Hi Sergey,


1)  This code gives a strange error:

The debugged program raised the exception unhandled TypeError
"streamplot() got an unexpected keyword argument 'start_points'"
File: /home/sergey/.local/lib/python3.6/site-packages/kwant/plotter.py, Line: 2164

which is strange since start_points  is in the streamplot documentation

Ah, in the documentation [1] it does indeed mention "streamplot", but we are actually referring to 'kwant.plotter.streamplot', not matplotlib's one. I will modify the documentation so that the distinction is clearer. Our version of streamplot includes things like including the background color etc.
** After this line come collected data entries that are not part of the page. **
(* Let $p,q\ge2$ be natural numbers. Then the UHF-algebra $M_{q^\infty}$ contains elements $x_2,x_3,\dots,x_p$ such that $\|x_i\|\le1$, $x_ix_j=0$ for $i\neq j$, and $x_i^*x_j=\delta_{i,j}\,x_2^*x_2$ for all $i,j\in\{2,\dots,p\}$, and such that $x_2^*x_2$ has $\frac1p$ Lebesgue spectral measure, i.e. $\tau(f(x_2^*x_2))=\frac1p\int_0^1f(t)\,dt$ for all $f\in C_0(0,1]$, where $\tau$ is the unique tracial state of $M_{q^\infty}$.
   Context: $M_{q^\infty}$ is the UHF-algebra given as the inductive limit of $M_{q^n}\to M_{q^{n+1}}$, $x\mapsto1_q\otimes x$. *)

From HB Require Import structures.
From mathcomp Require Import all_boot all_order all_algebra.
From mathcomp Require Import complex mxtens.
From mathcomp Require Import all_classical all_reals all_analysis.

Set Implicit Arguments.
Unset Strict Implicit.
Unset Printing Implicit Defensive.

Import Order.TTheory GRing.Theory Num.Theory.
Local Open Scope ring_scope.
Local Open Scope complex_scope.

(* The n-th building block is M_{q^n}(C) with C := R[i]; the connecting map   *)
(* M_{q^n} -> M_{q^(n+1)} is x |-> 1_q (x) x (Kronecker product).             *)
(* M_{q^oo} is the C*-completion of the algebraic inductive limit; we         *)
(* represent its elements by sequences (x_n)_n, x_n in M_{q^n}, that are      *)
(* Cauchy in operator norm along the connecting maps; every element of        *)
(* M_{q^oo} is such a limit, two sequences represent the same element iff     *)
(* their difference tends to 0 in norm, and the algebra operations (product,  *)
(* adjoint, linear combinations) are computed termwise.                       *)

Section UHF.
Variables (R : realType) (q : nat).
Local Notation C := (R[i]).

Definition blk (n : nat) := 'M[C]_(q ^ n).

Definition adjmx m n (A : 'M[C]_(m, n)) : 'M[C]_(n, m) :=
  (map_mx (fun z : C => conjc z) A)^T.

Definition uhf_step (n : nat) (x : blk n) : blk n.+1 :=
  castmx (esym (expnS q n), esym (expnS q n)) ((1%:M : 'M[C]_q) *t x).

Fixpoint uhf_emb (n k : nat) : blk n -> blk (k + n) :=
  match k return blk n -> blk (k + n) with
  | 0 => fun x => x
  | k'.+1 => fun x => uhf_step (@uhf_emb n k' x)
  end.

Definition vnorm2 m (v : 'cV[C]_m) : C := \sum_(i < m) `|v i 0| ^+ 2.

Definition opnorm_le m (A : 'M[C]_m) (r : R) : Prop :=
  forall v : 'cV[C]_m, vnorm2 (A *m v) <= (r ^+ 2)%:C * vnorm2 v.

Definition uhf_seq := forall n : nat, blk n.

Definition uhf_cauchy (x : uhf_seq) : Prop :=
  forall eps : R, 0 < eps -> exists N : nat, forall n k : nat, (N <= n)%N ->
    opnorm_le (@uhf_emb n k (x n) - x (k + n)%N) eps.

Definition uhf_null (x : uhf_seq) : Prop :=
  forall eps : R, 0 < eps -> exists N : nat, forall n : nat, (N <= n)%N ->
    opnorm_le (x n) eps.

(* ||x|| <= r in M_{q^oo} (||x|| = lim_n ||x_n||) *)
Definition uhf_norm_le (x : uhf_seq) (r : R) : Prop :=
  forall eps : R, 0 < eps -> exists N : nat, forall n : nat, (N <= n)%N ->
    opnorm_le (x n) (r + eps).

Definition uhf_mul (x y : uhf_seq) : uhf_seq := fun n => x n *m y n.
Definition uhf_adj (x : uhf_seq) : uhf_seq := fun n => adjmx (x n).
Definition uhf_sub (x y : uhf_seq) : uhf_seq := fun n => x n - y n.
Definition uhf_scale (c : C) (x : uhf_seq) : uhf_seq := fun n => c *: x n.

(* normalized trace on M_{q^n}; tau = lim_n of it is the unique tracial state *)
Definition ntr (n : nat) (A : blk n) : C := \tr A / (q ^ n)%:R.

Definition mxpow m (A : 'M[C]_m) (k : nat) : 'M[C]_m := iter k (mulmx A) 1%:M.

Definition poly_mx (P : {poly R}) m (A : 'M[C]_m) : 'M[C]_m :=
  \sum_(i < size P) (P`_i)%:C *: mxpow A i.

(* tau(f(a)) = c, for a positive element a of norm <= 1 (spectrum in [0,1])  *)
(* and f continuous on [0,1] with f(0) = 0: by continuity of the functional   *)
(* calculus, f(a) = lim_k P_k(a) for every sequence of polynomials P_k with   *)
(* P_k(0) = 0 converging uniformly to f on [0,1]; and                          *)
(* tau(P_k(a)) = lim_n ntr (P_k(a_n)).                                         *)
Definition tau_fcalc_is (f : R -> R) (a : uhf_seq) (c : C) : Prop :=
  forall P : nat -> {poly R},
    (forall k, (P k).[0] = 0) ->
    (forall eps : R, 0 < eps -> exists K : nat, forall k : nat, (K <= k)%N ->
        forall t : R, 0 <= t <= 1 -> `|f t - (P k).[t]| <= eps) ->
    forall eps : R, 0 < eps -> exists K : nat, forall k : nat, (K <= k)%N ->
      exists N : nat, forall n : nat, (N <= n)%N ->
        `|ntr (poly_mx (P k) (a n)) - c| <= eps%:C.

End UHF.

(* At level n take L_n = floor (q^n / p) basis vectors in each of p pairwise disjoint
   blocks of indices of M_{q^n}, and let x_i send the j-th vector of block 1 to the j-th
   vector of block i with weight sqrt (1 - j p / q^n).  Then x_i x_j = 0 for j >= 2 and
   x_i^* x_j = delta_ij d_n, where d_n is diagonal with eigenvalues 1 - j p / q^n (j < L_n);
   hence tau (P (d_n)) = q^-n sum_j P (1 - j p / q^n) is a Riemann sum of (1/p) int_0^1 P.
   The blocks are chosen compatibly with the connecting map x |-> 1_q (x) x, so that the
   image of x_i at level n and x_i at level n + k differ only in their weights, by at
   most sqrt (p / q^n) in norm: the sequences are Cauchy. *)

From HB Require Import structures.
From mathcomp Require Import all_boot all_order all_algebra.
From mathcomp Require Import complex mxtens.
From mathcomp Require Import all_classical all_reals all_analysis.
From mathcomp Require Import ring lra.
Import Order.TTheory GRing.Theory Num.Theory.
Import numFieldNormedType.Exports.

Set Implicit Arguments.
Unset Strict Implicit.
Unset Printing Implicit Defensive.

Local Open Scope ring_scope.
Local Open Scope complex_scope.
Local Open Scope classical_set_scope.

Section UnitInterval.
Variable R : realType.
Local Notation mu := (@lebesgue_measure R).
Implicit Types (f g : R -> R) (a b s t e : R).

Lemma integrable01 f (D : set R) : {within `[0, 1], continuous f} ->
  measurable D -> D `<=` `[0, 1] -> mu.-integrable D (EFin \o f).
Proof.
move=> fc mD D01.
have int01 : mu.-integrable `[0, 1] (EFin \o f).
  by apply: continuous_compact_integrable fc; exact: segment_compact.
exact: integrableS int01.
Qed.

Lemma within01_continuousB f g : {within `[0, 1], continuous f} ->
  {within `[0, 1], continuous g} -> {within `[0, 1], continuous (f \- g)}.
Proof. by move=> fc gc x; apply: cvgB; [exact: fc | exact: gc]. Qed.

Lemma within01_continuous_cst c : {within `[0, 1], continuous (cst c : R -> R)}.
Proof. by move=> x; exact: cvg_cst. Qed.

Lemma lebesgue_measure_itv_oc a b : a <= b -> fine (mu `]a, b]) = b - a.
Proof.
rewrite le_eqVlt => /predU1P[<-|ab]; last by rewrite lebesgue_measure_itv /= lte_fin ab.
by rewrite lebesgue_measure_itv /= ltxx subrr.
Qed.

Lemma lebesgue_measure_itv_cc a b : a <= b -> fine (mu `[a, b]) = b - a.
Proof.
rewrite le_eqVlt => /predU1P[<-|ab]; last by rewrite lebesgue_measure_itv /= lte_fin ab.
by rewrite lebesgue_measure_itv /= ltxx subrr.
Qed.

Lemma normr_Rintegral01_le f (D : set R) e : {within `[0, 1], continuous f} ->
  measurable D -> D `<=` `[0, 1] -> (forall t, D t -> `|f t| <= e) ->
  `|\int[mu]_(t in D) f t| <= e * fine (mu D).
Proof.
move=> fc mD D01 fe.
have intc c : mu.-integrable D (EFin \o cst c).
  by apply: integrable01 => //; exact: within01_continuous_cst.
have intf := integrable01 fc mD D01.
rewrite ler_norml -mulNr -!(Rintegral_cst mu mD); apply/andP; split.
  apply: le_Rintegral => //; first exact: intc.
  by move=> t /fe; rewrite ler_norml => /andP[].
apply: le_Rintegral => //; first exact: intc.
by move=> t /fe; rewrite ler_norml => /andP[].
Qed.

Lemma Rintegral_itv0_split f a b : {within `[0, 1], continuous f} ->
  0 <= a -> a <= b -> b <= 1 ->
  \int[mu]_(t in `[0, b]) f t = \int[mu]_(t in `[0, a]) f t + \int[mu]_(t in `]a, b]) f t.
Proof.
move=> fc a0 ab b1.
rewrite -(@Rintegral_itvB _ f (BLeft 0) (BRight b) a) ?bnd_simp //.
  by rewrite addrC subrK.
by apply: integrable01 => //; apply: subset_itvl; rewrite bnd_simp.
Qed.

Lemma Rintegral01_close f g e :
  {within `[0, 1], continuous f} -> {within `[0, 1], continuous g} ->
  (forall t, 0 <= t <= 1 -> `|f t - g t| <= e) ->
  `|\int[mu]_(t in `[0, 1]) f t - \int[mu]_(t in `[0, 1]) g t| <= e.
Proof.
move=> fc gc fg; rewrite -RintegralB //; [|exact: integrable01..].
apply: le_trans (normr_Rintegral01_le (within01_continuousB fc gc) _ _ _) _ => //.
  by move=> t; rewrite /= in_itv /=; exact: fg.
by rewrite lebesgue_measure_itv_cc ?ler01 // subr0 mulr1.
Qed.

Section Lipschitz.
Variables (g : R -> R) (M B : R).
Hypothesis g_cont : {within `[0, 1], continuous g}.
Hypothesis g_lip : forall s t, 0 <= s <= 1 -> 0 <= t <= 1 -> `|g s - g t| <= M * `|s - t|.
Hypothesis g_bnd : forall t, 0 <= t <= 1 -> `|g t| <= B.

Let lip_ge0 : 0 <= M.
Proof.
have := g_lip (s := 0) (t := 1); rewrite !lexx ler01 sub0r normrN normr1 mulr1.
by move=> /(_ isT isT); apply: le_trans.
Qed.

Lemma Rintegral_oc_right_endpoint a b : 0 <= a -> a <= b -> b <= 1 ->
  `|\int[mu]_(t in `]a, b]) g t - g b * (b - a)| <= M * (b - a) ^+ 2.
Proof.
move=> a0 ab b1.
have sub01 : `]a, b] `<=` `[0, 1] by apply: subset_itv; rewrite bnd_simp.
have intg := integrable01 g_cont (measurable_itv _) sub01.
have intc := integrable01 (@within01_continuous_cst (g b)) (measurable_itv _) sub01.
have mab := lebesgue_measure_itv_oc ab.
rewrite -{1}mab -Rintegral_cst // -RintegralB // expr2 mulrA -mab.
apply: normr_Rintegral01_le => //.
  exact: (within01_continuousB g_cont (@within01_continuous_cst (g b))).
move=> t; rewrite /= in_itv /= => /andP[lt_at le_tb].
have t01 : 0 <= t <= 1 by rewrite (le_trans a0 (ltW lt_at)) (le_trans le_tb b1).
apply: le_trans (g_lip t01 _) _; first by rewrite (le_trans a0 ab).
rewrite distrC ger0_norm ?subr_ge0 //.
by rewrite mab ler_wpM2l // lerD2l lerN2 ltW.
Qed.

Let bnd_ge0 : 0 <= B.
Proof. by apply: le_trans (normr_ge0 (g 0)) (g_bnd _); rewrite lexx ler01. Qed.

Lemma riemann_sum_approx (L : nat) h : 0 < h -> L%:R * h <= 1 -> 1 < L.+1%:R * h ->
  `|h * \sum_(x < L) g (1 - x%:R * h) - \int[mu]_(t in `[0, 1]) g t| <= (M + B) * h.
Proof.
move=> h0 Lh1 Lh1'.
pose a (x : nat) := 1 - x%:R * h.
pose G y := \int[mu]_(t in `[0, y]) g t.
have aS x : a x.+1 = a x - h by rewrite /a -natr1 mulrDl mul1r opprD addrA.
have a_le1 x : a x <= 1 by rewrite /a gerBl mulr_ge0 // ltW.
have a_ge0 x : (x <= L)%N -> 0 <= a x.
  by move=> xL; rewrite subr_ge0 (le_trans _ Lh1) // ler_wpM2r ?ler_nat // ltW.
have aL_le : a L <= h by move: Lh1'; rewrite /a -natr1 mulrDl mul1r; lra.
have G1 : G 1 = G (a L) + \sum_(x < L) \int[mu]_(t in `]a x.+1, a x]) g t.
  rewrite -(big_mkord xpredT (fun x => \int[mu]_(t in `]a x.+1, a x]) g t)).
  rewrite (@telescope_sumr_eq _ _ _ (fun x => - G (a x))) //.
    by rewrite opprK addrA addrN add0r /a mul0r subr0.
  move=> x /andP[_ xL]; rewrite /G (@Rintegral_itv0_split g (a x.+1) (a x)) //.
  - by rewrite opprK addKr.
  - exact: a_ge0.
  - by rewrite aS gerBl ltW.
have GaL : `|G (a L)| <= B * h.
  have sub01 : `[0, a L] `<=` `[0, 1] by apply: subset_itvl; rewrite bnd_simp.
  apply: le_trans (normr_Rintegral01_le g_cont _ sub01 (fun t Dt => g_bnd (sub01 _ Dt))) _ => //.
  by rewrite lebesgue_measure_itv_cc ?a_ge0 // subr0 ler_wpM2l.
rewrite -[\int[mu]_(t in `[0, 1]) g t]/(G 1) G1 mulr_sumr opprD addrA addrAC -sumrB.
apply: le_trans (ler_normB _ _) _; rewrite mulrDl lerD //.
apply: le_trans (ler_norm_sum _ _ _) _.
apply: le_trans (_ : \sum_(x < L) M * h ^+ 2 <= _).
  apply: ler_sum => x _; rewrite distrC mulrC.
  have := @Rintegral_oc_right_endpoint (a x.+1) (a x); rewrite aS subKr.
  by apply; [rewrite -aS a_ge0 | rewrite gerBl ltW | exact: a_le1].
rewrite sumr_const card_ord -mulr_natr -mulrA ler_wpM2l ?lip_ge0 //.
by rewrite expr2 -mulrA; apply: ler_piMr; [exact: ltW | rewrite mulrC].
Qed.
We don't currently provide a way to customize all the options of the underlying calls to matplotlib, because this would be excessively complicated. Luckily it is pretty simple to write your own wrapper that you can customize:

    def custom_current(syst, current):
        field, box = kwant.plotter.interpolate_current(syst, current, ...)  # your custom args here

        # make grid for streamplot
        X = np.linspace(*box[0], num=field.shape[0])
        Y = np.linspace(*box[1], num=field.shape[1])

        pyplot.streamplot(X, Y, field[:, :, 0], field[:, :, 1], ...)  # your custom args here


Make sure you post back to the mailing list if you find some heuristic that makes decent plots!



2)  How to make several plots be generated without manual closure of the previous one?  My command     pyplot.show(block=False)  does not seem to work in this case.

You can pass a matplotlib axis to 'current' via the 'ax' parameter. This will make the plotter draw into the axes that you provide.

You'll need to search on stackoverflow or look in the matplotlib docs to find out how to do exactly what you want, because even though you can totally define several plots, I'm not sure matplotlib can display them simultaneously.